DATA SUPPLIED: Begin

Definition subst (f : G -> word H) (w : word G) : word H :=
  flat_map (fun l : G * bool => if snd l then word_inv (f (fst l)) else f (fst l)) w.

Lemma subst_app f (u v : word G) : subst f (u ++ v) = subst f u ++ subst f v.
Proof. apply flat_map_app. Qed.

Lemma subst_cons f (l : G * bool) w :
  subst f (l :: w) = (if snd l then word_inv (f (fst l)) else f (fst l)) ++ subst f w.
Proof. reflexivity. Qed.

Lemma subst_inv f (w : word G) : subst f (word_inv w) = word_inv (subst f w).
Proof.
  induction w as [|[g b] w IH]; [reflexivity|].
  rewrite word_inv_cons, subst_app, IH, (subst_cons f (g, b) w), word_inv_app. f_equal.
  unfold subst; simpl. rewrite app_nil_r.
  destruct b; simpl; rewrite ?word_inv_involutive; reflexivity.
Qed.

Lemma subst_pow f (w : word G) n : subst f (word_pow w n) = word_pow (subst f w) n.
Proof. induction n; simpl; [reflexivity | rewrite subst_app, IHn; reflexivity]. Qed.

Lemma subst_ext f f' (w : word G) : (forall x, f x = f' x) -> subst f w = subst f' w.
Proof. intro E. apply flat_map_ext. intros [a b]; simpl. rewrite E; reflexivity. Qed.

Lemma subst_ext_pres_eq (R : word H -> Prop) f f' (w : word G) :
  (forall x, pres_eq R (f x) (f' x)) -> pres_eq R (subst f w) (subst f' w).
Proof.
  intro E. induction w as [|[a b] w IH]; [reflexivity|].
  rewrite !subst_cons, IH. simpl. destruct b; rewrite (E a); reflexivity.
Qed.

Lemma subst_hom (R1 : word G -> Prop) (R2 : word H -> Prop) f :
  (forall r, R1 r -> pres_eq R2 (subst f r) []) ->
  forall u v, pres_eq R1 u v -> pres_eq R2 (subst f u) (subst f v).
Proof.
  intros Hrel u v E. induction E.
  - reflexivity.
  - symmetry; auto.
  - etransitivity; eauto.
  - rewrite !subst_app, !subst_cons. simpl. destruct b; simpl.
    + rewrite (app_assoc (word_inv (f g))), app_word_inv_l. reflexivity.
    + rewrite (app_assoc (f g)), app_word_inv_r. reflexivity.
  - rewrite !subst_app, (Hrel r H0). reflexivity.
Qed.

Definition rename (f : G -> H) (w : word G) : word H := map (fun l => (f (fst l), snd l)) w.

Lemma rename_subst f (w : word G) : rename f w = subst (fun x => [(f x, false)]) w.
Proof. induction w as [|[a b] w IH]; [reflexivity|]. simpl. rewrite IH. destruct b; reflexivity. Qed.

Lemma rename_app f (u v : word G) : rename f (u ++ v) = rename f u ++ rename f v.
Proof. apply map_app. Qed.

Lemma rename_inv f (w : word G) : rename f (word_inv w) = word_inv (rename f w).
Proof. rewrite !rename_subst. apply subst_inv. Qed.

Lemma rename_pow f (w : word G) n : rename f (word_pow w n) = word_pow (rename f w) n.
Proof. rewrite !rename_subst. apply subst_pow. Qed.

End Substitution.

Lemma subst_subst {A B C : Type} (f : B -> word C) (g : A -> word B) w :
  subst f (subst g w) = subst (fun x => subst f (g x)) w.
Proof.
  induction w as [|[a b] w IH]; [reflexivity|].
  rewrite !subst_cons, subst_app, IH. simpl. destruct b; rewrite ?subst_inv; reflexivity.
Qed.

Lemma subst_unit {A : Type} (w : word A) : subst (fun x => [(x, false)]) w = w.
Proof. induction w as [|[a b] w IH]; [reflexivity|]. rewrite subst_cons, IH. destruct b; reflexivity. Qed.

Lemma rename_id {A : Type} (f : A -> A) (w : word A) : (forall x, f x = x) -> rename f w = w.
Proof. intro E. induction w as [|[a b] w IH]; [reflexivity|]. simpl. rewrite E, IH. reflexivity. Qed.

Lemma rename_rename {A B C : Type} (f : B -> C) (g : A -> B) w :
  rename f (rename g w) = rename (fun x => f (g x)) w.
Proof. unfold rename. rewrite map_map. reflexivity. Qed.

Lemma conj_subst {A B : Type} (R : word B -> Prop) (T : word B) (f : A -> word B) s :
  pres_eq R (T ++ subst f s ++ word_inv T) (subst (fun i => T ++ f i ++ word_inv T) s).
Proof.
  induction s as [|[a b] s IH].
  - apply app_word_inv_r.
  - rewrite !subst_cons, <- IH. cbn [fst snd].
    transitivity (T ++ (if b then word_inv (f a) else f a) ++ (word_inv T ++ T) ++ subst f s ++ word_inv T).
    + rewrite app_word_inv_l. simpl. rewrite <- !app_assoc. reflexivity.
    + destruct b; rewrite ?word_inv_app, ?word_inv_involutive, <- !app_assoc; reflexivity.
Qed.

(* Torsion-freeness passes to a group <A|R1> that is a retract of <B|R2>:
   f is injective on <A|R1> since g is a left inverse of it. *)
Lemma torsion_free_retract {A B : Type} (R1 : word A -> Prop) (R2 : word B -> Prop)
    (f : A -> word B) (g : B -> word A) :
  (forall r, R1 r -> pres_eq R2 (subst f r) []) ->
  (forall r, R2 r -> pres_eq R1 (subst g r) []) ->
  (forall x, pres_eq R1 (subst g (f x)) [(x, false)]) ->
  presented_torsion_free R2 -> presented_torsion_free R1.
Proof.
  intros Hf Hg Hgf Htf w n Hn Hpow.
  assert (Efw : pres_eq R2 (subst f w) []).
  { apply (Htf _ n Hn). rewrite <- subst_pow. exact (subst_hom R1 R2 f Hf _ _ Hpow). }
  apply (subst_hom R2 R1 g Hg) in Efw. rewrite subst_subst in Efw.
  rewrite (subst_ext_pres_eq R1 _ (fun x => [(x, false)])), subst_unit in Efw by exact Hgf.
  exact Efw.
Qed.

Lemma torsion_free_rename_iff {A B : Type} (R1 : word A -> Prop) (R2 : word B -> Prop)
    (f : A -> B) (g : B -> A) :
  (forall x, g (f x) = x) -> (forall y, f (g y) = y) ->
  (forall r, R1 r -> R2 (rename f r)) -> (forall r, R2 r -> R1 (rename g r)) ->
  presented_torsion_free R1 <-> presented_torsion_free R2.
Proof.
  intros gf fg Hf Hg.
  assert (Hf' : forall r, R1 r -> pres_eq R2 (subst (fun x => [(f x, false)]) r) [])
    by (intros r Hr; rewrite <- rename_subst; apply relator_trivial, Hf, Hr).
  assert (Hg' : forall r, R2 r -> pres_eq R1 (subst (fun y => [(g y, false)]) r) [])
    by (intros r Hr; rewrite <- rename_subst; apply relator_trivial, Hg, Hr).
  split; [apply (torsion_free_retract R2 R1 _ _ Hg' Hf') | apply (torsion_free_retract R1 R2 _ _ Hf' Hg')];
    intro; simpl; rewrite ?fg, ?gf; reflexivity.
Qed.
(* Letters of sign e (e = true
   meaning t^-1) move the subgroup generated by [gens e] to the one generated by
   [gens (negb e)]; the hypothesis says that h_i |-> k_i is an isomorphism. *)
Section HNN.
Variables (G : Type) (R : word G -> Prop) (I : Type) (h k : I -> word G).
Hypothesis assoc_iso : forall s : word I, pres_eq R (subst h s) [] <-> pres_eq R (subst k s) [].

Local Notation "u == v" := (pres_eq R u v) (at level 70).

Definition gens (e : bool) : I -> word G := if e then h else k.

Lemma assoc_iso_gen e s s' :
  subst (gens e) s == subst (gens e) s' <-> subst (gens (negb e)) s == subst (gens (negb e)) s'.
Proof.
  rewrite !(pres_eq_iff_trivial R (subst _ s)), <- !subst_inv, <- !subst_app.
  destruct e; simpl; [apply assoc_iso | symmetry; apply assoc_iso].
Qed.

Definition in_sub (e : bool) (w : word G) : Prop := exists s, w == subst (gens e) s.

Lemma in_sub_resp e u v : u == v -> in_sub e u -> in_sub e v.
Proof. intros E [s Hs]. exists s. rewrite <- E. exact Hs. Qed.

Lemma in_sub_nil e : in_sub e [].
Proof. exists []. reflexivity. Qed.

Lemma in_sub_app e u v : in_sub e u -> in_sub e v -> in_sub e (u ++ v).
Proof. intros [s1 H1] [s2 H2]. exists (s1 ++ s2). rewrite subst_app, H1, H2. reflexivity. Qed.

Lemma in_sub_inv e u : in_sub e u -> in_sub e (word_inv u).
Proof. intros [s Hs]. exists (word_inv s). rewrite subst_inv, Hs. reflexivity. Qed.

Lemma in_sub_gen e i : in_sub e (gens e i).
Proof. exists [(i, false)]. simpl. rewrite app_nil_r. reflexivity. Qed.
Lemma entropy_evens_le : K * H evens <=
  \sum_(u | evenv (val u)) (n_out S (val u))%:R * H [set u] +
  \sum_(v | ~~ evenv (val v)) H (nbhd v).
Proof.
rewrite [leRHS](_ : _ = \sum_w cover_wt R w * H (cover_set w)); last first.
  rewrite sum_cover_wt /cover_set.
  by congr (_ + _); apply: eq_bigr => w; [move=> -> | move=> /negPf ->].
apply: (shearer Pr_gt0 Pr_sum1 (@cover_wt_ge0 d S R) (@cover_set_evens d S)) => e.
by rewrite inE; apply: cover_count.
Qed.

Lemma entropy_chain_odd :
  H setT <= H evens + \sum_(v | ~~ evenv (val v)) (H (v |: nbhd v) - H (nbhd v)).
Proof.
set odds := [set v : S | ~~ evenv (val v)].
have := entropy_chain_le Pr_gt0 Pr_sum1 (s := enum odds) (B := evens) (N := @nbhd d S).
have -> : evens :|: [set x in enum odds] = setT.
  by apply/setP => x; rewrite !inE mem_enum !inE orbN.
rewrite big_enum /=; under eq_bigl do rewrite inE; apply.
move=> v; rewrite mem_enum inE => ov; apply/subsetP => u /even_nbhd eu.
by rewrite inE eu.
Qed.

Lemma expect_ln_lam_cover :
  \sum_(v | ~~ evenv (val v)) E (fun f => ln (nbr_lam (restr f v))) +
  \sum_(u | evenv (val u)) (n_out S (val u))%:R * E (fun f => ln (lam (f u))) =
  K * \sum_(u | evenv (val u)) E (fun f => ln (lam (f u))).
Proof.
rewrite -sum_cover sum_cover_wt addrC /cover_set; congr (_ + _).
  by apply: eq_bigr => u ->; rewrite big_set1.
apply: eq_bigr => v /negPf ov; rewrite ov -expect_sum; apply: eq_expect => f fD.
rewrite big_nbhd ?ov // /nbr_lam ln_prod //.
by apply: eq_bigr => k _; rewrite restr_nbr_in.
Qed.

Lemma ln_omega_le : K * ln Om <=
  \sum_(v | ~~ evenv (val v)) \sum_(x <- suppXv v) PXx x * ln (Zx x / PXx x) +
  \sum_(u | has_out_nbr S (val u)) (n_out S (val u))%:R * ln (lamI lam (Su u)).
Proof.
have odd_le := ler_sum (index_enum S) odd_site_bound.
rewrite !big_split -!mulr_sumr /= in odd_le.
have even_le := even_sites_bound.
rewrite (eq_bigr _ (fun u _ => mulrDr _ _ _)) big_split /= in even_le.
have K0 : 0 <= K by rewrite ler0n.
have chain := ler_wpM2l K0 entropy_chain_odd.
have shearer := entropy_evens_le.
have cover := expect_ln_lam_cover.
rewrite ln_omega_expect !mulrDr; lra.
Qed.

Lemma odd_factor_gt0 :
  0 < \prod_(v | ~~ evenv (val v)) \prod_(x <- suppXv v) (Zx x / PXx x) `^ (K^-1 * PXx x).
Proof. by apply: prodr_gt0 => v ov; apply: prod_powR_gt0 => x xs _; apply: Z_div_PX_gt0. Qed.

Lemma ln_odd_factor :
  ln (\prod_(v | ~~ evenv (val v)) \prod_(x <- suppXv v) (Zx x / PXx x) `^ (K^-1 * PXx x)) =
  K^-1 * \sum_(v | ~~ evenv (val v)) \sum_(x <- suppXv v) PXx x * ln (Zx x / PXx x).
Proof.
rewrite ln_prod => [|v _ ov]; last by apply: prod_powR_gt0 => x xs _; apply: Z_div_PX_gt0.
rewrite mulr_sumr; apply: eq_bigr => v ov.
rewrite ln_prod_powR => [|x xs _]; last exact: Z_div_PX_gt0.
by rewrite mulr_sumr; apply: eq_bigr => x _; rewrite [RHS]mulrA.
Qed.

End SpinModel.

Unset Implicit Arguments.

Theorem lemma7p3 (R : realType) (Sp : finType) (lam : Sp -> R)
  (lam2 : Sp -> Sp -> R) (d : nat) (hd : (0 < d)%N)
  (hlam : forall i, 0 < lam i) (hlam2 : forall i j, 0 <= lam2 i j)
  (hsym : forall i j, lam2 i j = lam2 j i)
  (S : {fset vtx d}) (hS : even_set S)
  (Su : S -> {set Sp}) (F : {set {ffun S -> Sp}})
  (hF : forall f, f \in F -> forall u : S, has_out_nbr S (val u) -> f u \in Su u)
  (hpos : 0 < omega lam lam2 F)
  (T : S -> eqType) (X : forall v : S, {ffun 'I_d * bool -> Sp} -> T v) :
  omega lam lam2 F <=
    (\prod_(v : S | ~~ evenv (val v))
       \prod_(x <- suppX lam lam2 F X v)
         (Zpart lam lam2 (Psi lam lam2 F X x) (Iset lam lam2 F X x)
            / PX lam lam2 F X x) `^ ((2 * d)%:R^-1 * PX lam lam2 F X x)) *
    \prod_(u : S | has_out_nbr S (val u))
       (lamI lam (Su u)) `^ ((2 * d)%:R^-1 * (n_out S (val u))%:R).
Proof.
have K0 : 0 < (2 * d)%:R :> R by rewrite ltr0n muln_gt0 hd.
have odd_gt0 := odd_factor_gt0 hlam hlam2 hsym hS hpos X.
have lamI_pos u : u \in index_enum S -> has_out_nbr S (val u) -> 0 < lamI lam (Su u).
  by move=> _; apply: (lamI_gt0 hlam hlam2 hF hpos).
rewrite -ler_ln ?posrE ?mulr_gt0 ?prod_powR_gt0 // lnM ?posrE ?prod_powR_gt0 //.
rewrite (ln_odd_factor hlam hlam2 hsym hS hpos X) ln_prod_powR //.
under [X in _ + X]eq_bigr do rewrite -mulrA.
rewrite -mulr_sumr -mulrDr -(ler_pM2l K0) mulVKf ?gt_eqF //.
exact: (ln_omega_le hlam hlam2 hsym hS hF hpos X).
Qed.
Lemma depth_pred u : u != rho -> exists2 v, v \in nbrs u & depth v = (depth u).-1.
Proof.
move=> ur; have /reachP[p [sp pp lp]] := reach_depth u.
case/lastP: p sp pp lp => [|p x]; first by move=> _ _ /= h; rewrite h eqxx in ur.
rewrite size_rcons rcons_path last_rcons => sp /andP[pp ex] xu; subst u.
exists (last rho p); first by rewrite nbrs_sym.
apply/eqP; rewrite eqn_leq -sp /=; apply/andP; split.
  by apply: depth_min; apply/reachP; exists p.
by have := depth_edge ex; rewrite -sp /=; lia.
Qed.

Definition parent (u : T) : T :=
  if u == rho then rho
  else odflt rho [pick v | (v \in nbrs u) && (depth v == (depth u).-1)].

Lemma parent_rho : parent rho = rho.
Proof. by rewrite /parent eqxx. Qed.

Lemma parentP u : u != rho ->
  [/\ parent u \in nbrs u, depth (parent u) = (depth u).-1 & 0 < depth u].
Proof.
move=> ur; rewrite /parent (negbTE ur).
case: pickP => [v /andP[h1 /eqP h2]|h]; last first.
  by have [v h1 h2] := depth_pred ur; have := h v; rewrite h1 h2 eqxx.
split=> //; rewrite lt0n; apply/eqP => /depth0 h0; by rewrite h0 eqxx in ur.
Qed.

Lemma depth_parent u : depth (parent u) = (depth u).-1.
Proof. by have [->|/parentP[]//] := eqVneq u rho; rewrite parent_rho depth_rho. Qed.

Lemma depth_iter_parent k u : depth (iter k parent u) = depth u - k.
Proof. by elim: k => [|k IH]; rewrite ?subn0 //= depth_parent IH; lia. Qed.

Lemma depth_child v : v != rho -> depth v = (depth (parent v)).+1.
Proof. by move=> /parentP[_ -> h]; lia. Qed.

Definition subtree (u : T) : {set T} :=
  [set w | (depth u <= depth w) && (iter (depth w - depth u) parent w == u)].

Lemma subtree_rho : subtree rho = setT.
Proof.
apply/setP => w; rewrite !inE depth_rho leq0n subn0 /=.
by apply/eqP/depth0; rewrite depth_iter_parent subnn.
Qed.

Lemma subtree_self u : u \in subtree u.
Proof. by rewrite inE leqnn subnn eqxx. Qed.

Lemma subtree_depth_neq u w : w \in subtree u -> w != u -> depth w != depth u.
Proof.
rewrite inE => /andP[_ /eqP h] wu; apply: contra wu => /eqP dwu.
by rewrite -h dwu subnn.
Qed.

(* The ancestor of a proper descendant w of u just below u: the child of u
   through which w hangs. *)
Definition child_toward (u w : T) : T := iter (depth w - depth u).-1 parent w.

Lemma child_towardP u w : w \in subtree u -> w != u ->
  let v := child_toward u w in [/\ v != rho, parent v = u & v \in nbrs u].
Proof.
move=> wd wu v; have ne := subtree_depth_neq wd wu.
move: wd; rewrite inE => /andP[h1 /eqP h2].
have pv : parent v = u.
  by rewrite /v /child_toward -iterS (_ : _.-1.+1 = depth w - depth u) //; lia.
have vr : v != rho.
  apply/eqP => vr; have := depth_iter_parent (depth w - depth u).-1 w.
  by rewrite -/(child_toward u w) -/v vr depth_rho; lia.
by split=> //; have [h _ _] := parentP vr; rewrite nbrs_sym -pv.
Qed.

Lemma mem_subtree_child u v w : v != rho -> parent v = u ->
  (w \in subtree v) = [&& w \in subtree u, w != u & child_toward u w == v].
Proof.
move=> vr pv; have dv := depth_child vr; rewrite pv in dv.
apply/idP/idP.
  rewrite !inE /child_toward => /andP[h1 /eqP h2].
  have -> : depth w - depth u = (depth w - depth v).+1 by lia.
  rewrite iterS h2 pv !eqxx !andbT; apply/andP; split; first lia.
  by apply/eqP => wu; move: h1; rewrite wu dv ltnn.
case/and3P => wd wu /eqP h3; have ne := subtree_depth_neq wd wu.
move: wd; rewrite !inE /child_toward in h3 * => /andP[h1 _].
have -> : depth w - depth v = (depth w - depth u).-1 by lia.
by rewrite h3 eqxx andbT dv; lia.
Qed.

Section SubtreeProduct.
Local Open Scope ring_scope.
Variables (R : comNzRingType) (g : T -> R).

Definition subtree_prod (u : T) : R := \prod_(w in subtree u) g w.

Lemma subtree_prod_rec u : uniq (nbrs u) ->
  subtree_prod u = g u * \prod_(v <- nbrs u | (v != rho) && (parent v == u)) subtree_prod v.
Proof.
move=> U; rewrite /subtree_prod (bigD1 u) ?subtree_self //=; congr (_ * _).
rewrite (partition_big (child_toward u)
   (fun v => [&& v \in nbrs u, v != rho & parent v == u])); last first.
  by move=> w /andP[wd wu]; have [h1 h2 h3] := child_towardP wd wu; rewrite h1 h2 h3 eqxx.
rewrite -[in RHS]big_filter big_uniq ?filter_uniq //=.
apply: eq_big => [v|v]; first by rewrite mem_filter andbC.
case/and3P => vu vr /eqP pv; apply: eq_bigl => w.
by rewrite (mem_subtree_child w vr pv) -andbA.
Qed.

Lemma subtree_prod_rho : subtree_prod rho = \prod_w g w.
Proof. by rewrite /subtree_prod subtree_rho; apply: eq_bigl => w; rewrite inE. Qed.

End SubtreeProduct.
End BFSTree.

Lemma leq_expn2r m n e : m <= n -> m ^ e <= n ^ e.
Proof. by move=> h; elim: e => // e IH; rewrite !expnS leq_mul. Qed.

Section Protocol.
Variables c idc : nat.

DATA SUPPLIED: End

**WHAT THE EXERCISE ASKS:**
Quote verbatim the opening lines of the listing above, ending with the line where "Proof. apply map_app. Qed." appears; include both endpoints and nothing more.

**OUTPUT OF THE EXERCISE:**
Definition subst (f : G -> word H) (w : word G) : word H :=
  flat_map (fun l : G * bool => if snd l then word_inv (f (fst l)) else f (fst l)) w.

Lemma subst_app f (u v : word G) : subst f (u ++ v) = subst f u ++ subst f v.
Proof. apply flat_map_app. Qed.

Lemma subst_cons f (l : G * bool) w :
  subst f (l :: w) = (if snd l then word_inv (f (fst l)) else f (fst l)) ++ subst f w.
Proof. reflexivity. Qed.

Lemma subst_inv f (w : word G) : subst f (word_inv w) = word_inv (subst f w).
Proof.
  induction w as [|[g b] w IH]; [reflexivity|].
  rewrite word_inv_cons, subst_app, IH, (subst_cons f (g, b) w), word_inv_app. f_equal.
  unfold subst; simpl. rewrite app_nil_r.
  destruct b; simpl; rewrite ?word_inv_involutive; reflexivity.
Qed.

Lemma subst_pow f (w : word G) n : subst f (word_pow w n) = word_pow (subst f w) n.
Proof. induction n; simpl; [reflexivity | rewrite subst_app, IHn; reflexivity]. Qed.

Lemma subst_ext f f' (w : word G) : (forall x, f x = f' x) -> subst f w = subst f' w.
Proof. intro E. apply flat_map_ext. intros [a b]; simpl. rewrite E; reflexivity. Qed.

Lemma subst_ext_pres_eq (R : word H -> Prop) f f' (w : word G) :
  (forall x, pres_eq R (f x) (f' x)) -> pres_eq R (subst f w) (subst f' w).
Proof.
  intro E. induction w as [|[a b] w IH]; [reflexivity|].
  rewrite !subst_cons, IH. simpl. destruct b; rewrite (E a); reflexivity.
Qed.

Lemma subst_hom (R1 : word G -> Prop) (R2 : word H -> Prop) f :
  (forall r, R1 r -> pres_eq R2 (subst f r) []) ->
  forall u v, pres_eq R1 u v -> pres_eq R2 (subst f u) (subst f v).
Proof.
  intros Hrel u v E. induction E.
  - reflexivity.
  - symmetry; auto.
  - etransitivity; eauto.
  - rewrite !subst_app, !subst_cons. simpl. destruct b; simpl.
    + rewrite (app_assoc (word_inv (f g))), app_word_inv_l. reflexivity.
    + rewrite (app_assoc (f g)), app_word_inv_r. reflexivity.
  - rewrite !subst_app, (Hrel r H0). reflexivity.
Qed.

Definition rename (f : G -> H) (w : word G) : word H := map (fun l => (f (fst l), snd l)) w.

Lemma rename_subst f (w : word G) : rename f w = subst (fun x => [(f x, false)]) w.
Proof. induction w as [|[a b] w IH]; [reflexivity|]. simpl. rewrite IH. destruct b; reflexivity. Qed.

Lemma rename_app f (u v : word G) : rename f (u ++ v) = rename f u ++ rename f v.
Proof. apply map_app. Qed.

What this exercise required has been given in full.